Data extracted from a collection
(* Let $r$ be a positive integer and $n\ge0$. Each of the following sets is a basis of $\mathrm{NCQSym}^r_n(\mathbf{x})$: (1) $\{\mathbf{M}_{(\Phi,\Pi)}:(\Phi,\Pi)\text{ an } r\text{-set-composition of }[n]\}$; (2) $\{\overline{\mathbf{F}}_{(\Phi,\Pi)}:(\Phi,\Pi)\text{ an } r\text{-set-composition of }[n]\}$.
   Context: Noncommuting variables $\mathbf{x}_1,\mathbf{x}_2,\dots$. A set composition $\Phi=(\Phi_1|\cdots|\Phi_k)$ of a finite set is an ordered list of disjoint nonempty blocks with that union; a set partition $\Pi=\Pi_1/\cdots/\Pi_l$ an unordered one. An $r$-set-composition of $[n]$ is a pair $(\Phi,\Pi)$ with $\Phi$ a set composition of some $A\subseteq[n]$ with all blocks of size $\ge r$ and $\Pi$ a set partition of $[n]\setminus A$ with all blocks of size $<r$. $\mathbf{M}_{(\Phi,\Pi)}=\sum\mathbf{x}_{i_1}\cdots\mathbf{x}_{i_n}$ over tuples with $i_j=i_k$ iff $j,k$ lie in a common block of $\Phi$ or $\Pi$, and $i_j<i_k$ whenever $j\in\Phi_l,k\in\Phi_m$, $l<m$; $\mathrm{NCQSym}^r_n(\mathbf{x})$ is the $\mathbb{Q}$-span of these $\mathbf{M}_{(\Phi,\Pi)}$. An edge-coloured digraph is a finite simple digraph with each edge of type dashed ($\dashrightarrow$), solid ($\rightarrow$) or double ($\Rightarrow$); a proper vertex-colouring is $\kappa:V\to\mathbb{P}$ with $\kappa(a)\ne\kappa(b)$, $\kappa(a)<\kappa(b)$, $\kappa(a)\le\kappa(b)$ for dashed, solid, double edges $(a,b)$ respectively. A labelled edge-coloured digraph $(G,L)$ has a bijection $L:V(G)\to[|V(G)|]$ and $\mathscr{Y}_{(G,L)}(\mathbf{x})=\sum_\kappa\mathbf{x}_{\kappa(L^{-1}(1))}\mathbf{x}_{\kappa(L^{-1}(2))}\cdots\mathbf{x}_{\kappa(L^{-1}(|V(G)|))}$ over proper vertex-colourings $\kappa$. For a finite set $A\subseteq\mathbb{P}$, $C_A$ is a directed cycle on $|A|$ vertices with all edges double and vertices labelled bijectively by $A$ (a single vertex with no edges if $|A|=1$). The dashed (resp. double) sum of two labelled edge-coloured digraphs is their disjoint union together with a dashed (resp. double) edge $(a,b)$ for every vertex $a$ of the first and $b$ of the second. Define $\overline{\mathbf{F}}_{(\Phi,\Pi)}=\mathscr{Y}_{(G,L)}(\mathbf{x})$ where $(G,L)$ is the dashed sum of $\big(C_{\Phi_1}$ double-sum $C_{\Phi_2}$ double-sum $\cdots$ double-sum $C_{\Phi_k}\big)$ and $\big(C_{\Pi_1}$ dashed-sum $\cdots$ dashed-sum $C_{\Pi_l}\big)$. *)

From mathcomp Require Import all_boot all_order all_algebra.
Set Implicit Arguments. Unset Strict Implicit. Unset Printing Implicit Defensive.
Import GRing.Theory.
Local Open Scope ring_scope.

_Exercise:_ Go through the entries above and copy out every line that includes the word "Import".

_Answer to this problem:_
From mathcomp Require Import all_boot all_order all_algebra.
Import GRing.Theory.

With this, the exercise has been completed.